The bathrooms are in that hallway.
There are areas of the factory that are under construction, and thus are not to be entered at any time, by anyone, especially not the construction workers, who keep disappearing. These areas move around a lot, but they seem to generally be situated about midway between you and wherever you need to go on a given I.T. call.
So, it’s not the warmest, friendliest or most satisfying place to work, but at least the pay is shit.
It’s there, in my shitty little office, at my cramped little half-cube, that the whole thing began. It started with me having to take Elliot Fleischer’s computer back to the office to dismantle it and find out why it was moving so slowly. He works in research and development, so any number of ungodly things could have gotten in there. I sprayed out all the dust and was chiseling out the bezoar when the man in the black suit first showed up in my office.
This guy was a piece of work. He looked like every government agent you have ever seen in any one of countless movies. He even had a bloody earpiece. I’m guessing the blood on his earpiece was relatively fresh, but he didn’t seem to notice it, so I decided not to point it out.
"Have you seen this man?" he asked with no preamble, or even introducing himself. He held out a photo that I immediately recognized as a magazine clipping of a nondescript male model.
"Sure," I said. "He’s probably been in a few different ads. They all look alike to me, anyway."
"That’s a tad racist of you," said the man. The model in the photo was as white as I am. Whiter, even, as he had blonde hair.
"I’ll be sure to donate to the United WASP College Fund," I said, handing back the photo. "If you’re asking if I’ve seen that particular one, the answer is no, but then, I’m also fairly certain that he doesn’t look like that. They do wonders with air-brushing these days."
"This is quite serious, sir," said the suit. "This man is at the center of a highly delicate government case involving corruption on the highest level, and we suspect he..."

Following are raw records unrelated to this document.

Definition Dh (q u : nat) (x : R) : Prop :=
  exists alpha, admissible q u alpha /\ xval q u alpha = x.

(* h : D(h) -> R, h(x(alpha)) = hval alpha (extended by an arbitrary
   value outside D(h); the representation alpha of x is chosen). *)
Definition h (q u : nat) (x : R) : R :=
  hval q (epsilon (inhabits (fun _ => 1%nat))
                  (fun alpha => admissible q u alpha /\ xval q u alpha = x)).

From Stdlib Require Import Reals Lra Lia Classical ClassicalEpsilon FunctionalExtensionality.
From Coquelicot Require Import Coquelicot.
Open Scope R_scope.

(* Both codings are built by iterating affine maps: [x(α) = block_{α_1}(x(σα))] and
   [h(α) = -(α_1 + h(σα))/q], where [block_a] prepends the nega-q-ary digits
   [u ... u a].  Every [x(α)] lies strictly inside the interval of all nega-q-ary
   numbers (this needs [q > 3]), so [α |-> x(α)] is injective and [h(x(α)) = h(α)].
   If [β] agrees with [α] in the first [n] blocks, [x(β) - x(α)] is scaled by
   [(-q)^-(α_1 + ... + α_n)] and [h(β) - h(α)] by [(-q)^-n], so the difference
   quotient is multiplied by [±q^(α_1 + ... + α_n - n)].  If [α] is not eventually
   [1], this exponent is unbounded and changing one block gives huge quotients at
   nearby points.  If [α] is eventually [1], changing one, resp. two, tail blocks to
   [c ∈ {2, 3}] gives quotients [ρ g_1] and [ρ g_2] with [|ρ| ≥ 1] and fixed
   [g_1 ≠ g_2], which cannot both converge to the same limit. *)

Lemma series_sum_Series (f : nat -> R) : ex_series f -> series_sum f = Series f.
Proof.
  intros [l Hl]. rewrite (is_series_unique f l Hl).
  apply is_series_Reals in Hl. unfold series_sum.
  apply (uniqueness_sum f); [|exact Hl].
  apply (epsilon_spec (inhabits 0) (fun l => infinite_sum f l)). eauto.
Qed.

Section GeometricDomination.

Variables (f : nat -> R) (r : R).
Hypotheses (r_bounds : 0 <= r < 1) (f_dominated : forall k, Rabs (f k) <= r ^ k).

Let r_abs_lt1 : Rabs r < 1.
Proof. rewrite Rabs_pos_eq; lra. Qed.

Lemma ex_series_geom_dominated : ex_series f.
Proof.
  apply (@ex_series_le R_AbsRing R_CompleteNormedModule f (fun k => r ^ k)).
  - exact f_dominated.
  - now apply ex_series_geom.
Qed.

Lemma Series_geom_dominated : Rabs (Series f) <= / (1 - r).
Proof.
  rewrite <- (is_series_unique _ _ (is_series_geom r r_abs_lt1)).
  eapply Rle_trans; [apply Series_Rabs|].
  - apply (@ex_series_le R_AbsRing R_CompleteNormedModule _ (fun k => r ^ k)).
    + intro k. rewrite Rabs_Rabsolu. apply f_dominated.
    + now apply ex_series_geom.
  - apply Series_le; [|now apply ex_series_geom].
    intro k. split; [apply Rabs_pos | apply f_dominated].
Qed.

End GeometricDomination.

Lemma Rabs_INR_sub_ge1 m n : m <> n -> 1 <= Rabs (INR m - INR n).
Proof.
  intro hmn. destruct (proj1 (Nat.lt_gt_cases m n) hmn) as [h|h]; apply le_INR in h;
    rewrite S_INR in h; [rewrite Rabs_left1 | rewrite Rabs_pos_eq]; lra.
Qed.

Lemma Rabs_div_negpow q A m : Rabs (A / (- INR q) ^ m) = Rabs A * (/ INR q) ^ m.
Proof.
  unfold Rdiv. rewrite Rabs_mult, Rabs_inv, <- RPow_abs, Rabs_Ropp, pow_inv.
  rewrite (Rabs_pos_eq (INR q)) by apply pos_INR. reflexivity.
Qed.

Lemma scaled_pair_not_both_near rho g1 g2 l : 1 <= Rabs rho ->
  Rabs (rho * g1 - l) < Rabs (g1 - g2) / 2 -> Rabs (rho * g2 - l) < Rabs (g1 - g2) / 2 ->
  False.
Proof.
  intros Hrho H1 H2.
  assert (Rabs rho * Rabs (g1 - g2) < Rabs (g1 - g2)).
  { rewrite <- Rabs_mult. replace (rho * (g1 - g2)) with ((rho * g1 - l) - (rho * g2 - l)) by ring.
    eapply Rle_lt_trans; [apply Rabs_triang|]. rewrite Rabs_Ropp. lra. }
  pose proof (Rabs_pos (g1 - g2)). nra.
Qed.

Lemma Rdiv_neq_rescaled x y w r : x <> 0 -> y <> 0 -> Rabs r < w -> w <= 1 ->
  x / y <> x * (1 - w) / (y * (1 + r)).
Proof.
  intros hx hy hr hw E. apply Rabs_lt_between in hr.
  assert (1 + r = 1 - w).
  { apply (Rmult_eq_reg_l (x / y)).
    - rewrite E at 1. field. split; [assumption | lra].
    - unfold Rdiv. now apply Rmult_integral_contrapositive_currified, Rinv_neq_0_compat. }
  lra.
Qed.

Definition shift (a : nat -> nat) : nat -> nat := fun k => a (S k).
Definition shiftn (n : nat) (a : nat -> nat) : nat -> nat := fun k => a (n + k)%nat.
Definition set_digit (a : nat -> nat) (n c : nat) : nat -> nat :=
  fun k => if Nat.eqb k n then c else a k.
Definition ones : nat -> nat := fun _ => 1%nat.

(* [prefix_len a n = α_1 + ... + α_n] is the number of nega-q-ary digits taken by the
   first [n] blocks. *)
Fixpoint prefix_len (a : nat -> nat) (n : nat) : nat :=
  match n with
  | O => O
  | S m => (a 0 + prefix_len (shift a) m)%nat
  end.

Lemma admissible_shift q u a : admissible q u a -> admissible q u (shift a).
Proof. intros H k. apply H. Qed.

Lemma admissible_shiftn q u n a : admissible q u a -> admissible q u (shiftn n a).
Proof. intros H k. apply H. Qed.

Lemma admissible_set_digit q u a n c : admissible q u a ->
  (1 <= c)%nat -> (c < q)%nat -> c <> u -> admissible q u (set_digit a n c).
Proof. intros H h1 h2 h3 k. unfold set_digit. destruct (Nat.eqb k n); auto. Qed.

Lemma set_digit_other a n c k : k <> n -> set_digit a n c k = a k.
Proof. intro hk. unfold set_digit. now rewrite (proj2 (Nat.eqb_neq k n) hk). Qed.

Lemma shiftn_set_digit n k a c : shiftn n (set_digit a (n + k) c) = set_digit (shiftn n a) k c.
Proof.
  apply functional_extensionality. intro j. unfold shiftn, set_digit.
  destruct (Nat.eqb_spec (n + j) (n + k)), (Nat.eqb_spec j k); reflexivity || lia.
Qed.

Lemma psum_shift a k : psum a (S k) = (a 0 + psum (shift a) k)%nat.
Proof. induction k as [|k IH]; [reflexivity|]. simpl in *. unfold shift in *. lia. Qed.

Lemma psum_ge q u a k : admissible q u a -> (S k <= psum a k)%nat.
Proof.
  intro H. induction k as [|k IH]; simpl.
  - destruct (H 0%nat); lia.
  - destruct (H (S k)); lia.
Qed.

Lemma prefix_len_succ a n : prefix_len a (S n) = (prefix_len a n + a n)%nat.
Proof.
  revert a. induction n as [|n IH]; intro a; [simpl; lia|].
  change (prefix_len a (S (S n))) with (a 0 + prefix_len (shift a) (S n))%nat.
  rewrite IH. simpl. unfold shift. lia.
Qed.

Lemma prefix_len_excess q u a n m : admissible q u a -> (n <= m)%nat ->
  (prefix_len a n + (m - n) <= prefix_len a m)%nat.
Proof.
  intros H hnm. induction m as [|m IH].
  - replace n with 0%nat by lia. simpl. lia.
  - destruct (Nat.eq_dec n (S m)) as [->|ne]; [lia|].
    rewrite prefix_len_succ. destruct (H m). specialize (IH ltac:(lia)). lia.
Qed.

Lemma prefix_len_ge q u a n : admissible q u a -> (n <= prefix_len a n)%nat.
Proof. intro H. pose proof (prefix_len_excess q u a 0 n H ltac:(lia)). simpl in *. lia. Qed.

Lemma prefix_len_excess_unbounded q u a : admissible q u a ->
  ~ (exists N, forall k, (N <= k)%nat -> a k = 1%nat) ->
  forall K, exists n, (n + K <= prefix_len a n)%nat.
Proof.
  intros Ha Hev K. induction K as [|K [n hn]]; [now exists 0%nat|].
  assert (exists k, (n <= k)%nat /\ a k <> 1%nat) as [k [hk hk1]].
  { apply NNPP. intro C. apply Hev. exists n. intros k hk.
    apply NNPP. intro C'. apply C. now exists k. }
  exists (S k). rewrite prefix_len_succ.
  pose proof (prefix_len_excess q u a n k Ha hk). destruct (Ha k). lia.
Qed.

Lemma exists_digit_avoiding u b : exists c, (1 <= c <= 3)%nat /\ c <> u /\ c <> b.
Proof.
  destruct (Nat.eq_dec u 1), (Nat.eq_dec b 1), (Nat.eq_dec u 2), (Nat.eq_dec b 2);
    first [exists 1%nat; lia | exists 2%nat; lia | exists 3%nat; lia].
Qed.

(* [prepend q c X] is the value of the digit string [c β] when [X] is the value of [β]. *)
Definition prepend (q c : nat) (X : R) : R := - (INR c + X) / INR q.

(* The values of the strings [(q-1) 0 (q-1) 0 ...] and [0 (q-1) 0 (q-1) ...], the end
   points of the set of all nega-q-ary numbers. *)
Definition lo (q : nat) : R := - INR q / (INR q + 1).
Definition hi (q : nat) : R := / (INR q + 1).

(* The value of [u u u ...], the fixed point of [prepend q u]. *)
Definition ufix (q u : nat) : R := - INR u / (INR q + 1).

(* The value of the block [u ... u a β] ([a - 1] copies of [u]) when [X] is the value of [β]. *)
Definition block (q u a : nat) (X : R) : R := Nat.iter (a - 1) (prepend q u) (prepend q a X).

Definition x_term (q u : nat) (a : nat -> nat) (k : nat) : R :=
  (INR (a k) - INR u) / (- INR q) ^ psum a k.
Definition h_term (q : nat) (a : nat -> nat) (k : nat) : R := INR (a k) / (- INR q) ^ S k.

Definition slope (q u : nat) (a b : nat -> nat) : R :=
  (hval q b - hval q a) / (xval q u b - xval q u a).

Section Digits.

Variable q : nat.
Hypothesis q_ge2 : (2 <= q)%nat.

Let INR_q_ge2 : 2 <= INR q.
Proof. apply (le_INR 2); lia. Qed.

Let digit_bounds c : (c < q)%nat -> 0 <= INR c <= INR q - 1.
Proof.
  intro hc. assert (INR (S c) <= INR q) by (apply le_INR; lia).
  rewrite S_INR in *. pose proof (pos_INR c). lra.
Qed.

Lemma invq_bounds : 0 < / INR q <= / 2.
Proof. split; [apply Rinv_0_lt_compat | apply Rinv_le_contravar]; lra. Qed.

Lemma invq_pow_antimono m n : (m <= n)%nat -> (/ INR q) ^ n <= (/ INR q) ^ m.
Proof.
  intro hmn. rewrite !pow_inv.
  apply Rinv_le_contravar; [apply pow_lt; lra | apply Rle_pow; lra || lia].
Qed.

Lemma Rabs_negpow_ratio m n : (n <= m)%nat ->
  Rabs ((- INR q) ^ m / (- INR q) ^ n) = INR q ^ (m - n).
Proof.
  intro hnm. replace m with ((m - n) + n)%nat at 1 by lia. rewrite pow_add.
  unfold Rdiv. rewrite Rmult_assoc, Rinv_r, Rmult_1_r by (apply pow_nonzero; lra).
  rewrite <- RPow_abs, Rabs_Ropp, Rabs_pos_eq by lra. reflexivity.
Qed.

Let negpow_term_bound A m k : Rabs A <= INR q -> (S k <= m)%nat ->
  Rabs (A / (- INR q) ^ m) <= (/ INR q) ^ k.
Proof.
  intros hA hm. rewrite Rabs_div_negpow. pose proof invq_bounds.
  apply Rle_trans with (INR q * (/ INR q) ^ S k).
  - apply Rmult_le_compat; auto using Rabs_pos, invq_pow_antimono.
    apply pow_le. lra.
  - right. simpl. field. lra.
Qed.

"...might be someone you want to shut up about, considering it’s a private citizen you’re talking to?" I’d just about had enough of this guy. There was a particularly resistant bit of orangey-yellow sludge all through Elliot’s power supply fan that kept grabbing at my fingers when I tried to clean it out. This conversation was over.
But the guy once again thrust the photo in my face. "You’re certain that you haven’t seen him," he intoned, as if making a statement rather than asking a question.
I decided to quit being smart. "You got a name? An ID?"
"You can call me sir," he said.
I laughed at that one. "Dude, I don’t even call my boss ’sir’," I said.
Suit wasn’t amused. "Then call me Mister," he replied.
"Because when you’re this big," I chuckled. "Well, Mr. Mister, I’d love it if you took your broken wings and headed off down that road that you must travel. I’m busy."
"You are being deliberately uncooperative," said Mister. "I can take you in for that."
"So far, you haven’t even shown me that you have any authority to ask me anything whatsoever."
Mister sighed deeply. "Fine," he said. He reached into the breast pocket of his suit and drew out nothing at all. "Oh, um," he said. "Hang on." He checked the other side of his coat, realized he didn’t have a pocket there, then checked both hip pockets, his back pockets, and seemed to check them all again before realizing he was out of pockets. "Shit," he said. "Listen, I will be back, and when I am, I expect you to answer my questions."
He turned on his heel and I realized while watching him leave that I’d never seen a man stride off with his tail between his legs before. It was like watching a Nazi with a wedgie.
What I would give to know then what I know now. I would have told him everything. Or I would have gotten up and began to run without looking back.